To help minimize errors and confusion in the scientific literature, a few principles can be followed. The original intent and hypothesis of each study should be made clear, and deviations from the initial purpose should be stated. The hypothesis-testing portions of the research need to be clearly differentiated from the hypothesis generating sections. If data were selected and reanalyzed in unintended ways, the analyses should be clearly identified as hypothesis generating, and no conclusions should be drawn from such data. The data should be unassailable. The control group should be adequate. The data analysis should be consistent with the experimental design. Given that the larger the number of P-values, the greater the rate of false declarations, the total number of derived P-values should be reasonable and should be reported. The publication should unveil all details necessary to understand and replicate the research project, including the data analysis. Alternate etiologies should be seriously considered in light of potential confounding factors. It is important to be critical of the results of a study, especially when data confirm a preconceived hypothesis.

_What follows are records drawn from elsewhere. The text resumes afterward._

Lemma TfunE x y m : Tfun L x y m =
  half * (pr (c00 L x y) m + half * (rho L y (pr x m) - rho L x (pr y m))).
Proof.
have sixth_mul3 : (6^-1 : R)%:A * 3%:R = half.
  by rewrite -!in_algE -(rmorph_nat (in_alg A)) -rmorphM; congr (in_alg A _); field.
have sixth_mul_3half : (6^-1 : R)%:A * (1 + half) = half * half.
  by rewrite -!in_algE -(rmorph1 (in_alg A)) -rmorphD -!rmorphM; congr (in_alg A _); field.
rewrite /Tfun skb_inj0_inj1 skb_inj0_inj0 skb_inj1_inj0 /SS /=.
rewrite !(pair0l, addr0, add0r, pairDr, pairNr, pairZr, pair_c01, DD_def).
rewrite (c00_skew L y x) pairNl.
transitivity ((6^-1 : R)%:A * 3%:R * pr (c00 L x y) m +
  (6^-1 : R)%:A * (1 + half) * (rho L y (pr x m) - rho L x (pr y m))); first by ring.
by rewrite sixth_mul3 sixth_mul_3half; ring.
Qed.

Lemma Jac_inj0_inj0_inj1 x y m :
  Jac L (inj0 x) (inj0 y) (inj1 m)
    = inj1 (DD L (Tfun L x y m)) - inj1 (Om L x y (dd L m)).
Proof.
rewrite /Jac skb_inj0_inj0 !skb_inj0_inj1 !skb_inj1_inj0 -inj1N -!inj1D; congr inj1.
rewrite ax_e1 !(c01Dr, c01Nr, c01Zr, c01_DD_pair) TfunE.
apply: eq_pairr => z.
rewrite !(pairDr, pairNr, pairZr, DD_def, rho_add, rhoNf, rhoCM, pair_c01).
rewrite (c00_skew L y x) pairNl rhoNf.
ring.
Qed.

Lemma pair_c00_dd_sym x m1 m2 :
  pr (c00 L (dd L m1) x) m2 + pr (c00 L (dd L m2) x) m1 = - rho L x (pr (dd L m1) m2).
Proof.
rewrite -ax_b pair_ddC pair_c10 rho_dd_pair pair_c01 (c00_skew L x) pairNl pair_ddC.
by rewrite opprK sub0r opprD subrK.
Qed.

Lemma Tfun_dd_skew x m1 m2 : Tfun L (dd L m1) x m2 = - Tfun L (dd L m2) x m1.
Proof.
rewrite !TfunE !rho_dd_pair !subr0 (pair_ddC m2 m1).
set s := rho L x (pr (dd L m1) m2).
have -> : pr (c00 L (dd L m1) x) m2 = - ((half + half) * s) - pr (c00 L (dd L m2) x) m1.
  by rewrite half_add_half mul1r -pair_c00_dd_sym addrK.
ring.
Qed.

End LWXLaws.
End LWXAlgebroid.

Unset Implicit Arguments. Set Strict Implicit.

Theorem mainTheorem4 (R : realFieldType) (A : comAlgType R) (E1 E0 : lmodType A)
  (HA : reduced_fun_ring A) (L : LWX2 E1 E0) (HL : LWX_axioms L) :
  (forall x1 x2 x3 : E0,
     Jac L (inj0 x1) (inj0 x2) (inj0 x3) = - inj0 (dd L (Om L x1 x2 x3))) /\
  (forall (x1 x2 : E0) (m : E1),
     Jac L (inj0 x1) (inj0 x2) (inj1 m)
       = inj1 (DD L (Tfun L x1 x2 m)) - inj1 (Om L x1 x2 (dd L m))) /\
  (forall (x : E0) (m1 m2 : E1),
     Tfun L (dd L m1) x m2 = - Tfun L (dd L m2) x m1).
Proof.
split; first exact: Jac_inj0_inj0_inj0.
split; first exact: Jac_inj0_inj0_inj1.
exact: Tfun_dd_skew.
Qed.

The neuroepidemiology of styrene: a critical review of representative literature

Because exposure to styrene occurs commonly in some industries and styrene is highly lipid soluble, it is reasonable to be concerned about the possibility that styrene is neurotoxic. Styrene, like many other solvents, volatile anesthetics, and drugs, does, at certain concentrations, produce acute changes in consciousness with consequent alterations of feelings, cognition, and psychomotor functioning. Such acute actions do not imply that styrene also would produce reversible or irreversible damage to the nervous system; the evaluation of long-term exposures to styrene also is necessary to draw conclusions about the full range of neural effects that styrene might produce. To that end, several studies of workers exposed to styrene for up to 30 years have been undertaken in factories in many parts of the world. Epidemiologists have suggested that neuropsychological deficits such as slowing of reaction time, loss of color vision, and vestibulooculomotor dysfunction are reliably induced by styrene at levels near or below current exposure standards, which range from 20 to 50 ppm in most of the world. However, the workers so studied always were described as healthy, and the effects noted were considered to be subclinical. A detailed evaluation of much of the neuroepidemiological literature on styrene (38 papers and related literature), however, indicated that the findings were, almost universally, false positive outcomes due to (1) type I statistical error, (2) the action of some factor other than styrene, and (3) misinterpretation of data. Despite the study of workers exposed for many years, no indications of persisting damage to the nervous system were evident from this review. The conclusions of this review of the neuroepidemiology of styrene are consistent with those based on critical reviews of the solvent literature in general, with specific reference to the probable absence of such an entity as the "painter's syndrome" or "chronic toxic encephalopathy". Because the results on styrene neurotoxicity that provide an inclination to lower the current threshold limit values (TLVs) are false positive findings, there is no scientific basis for a reduction in the current TLV.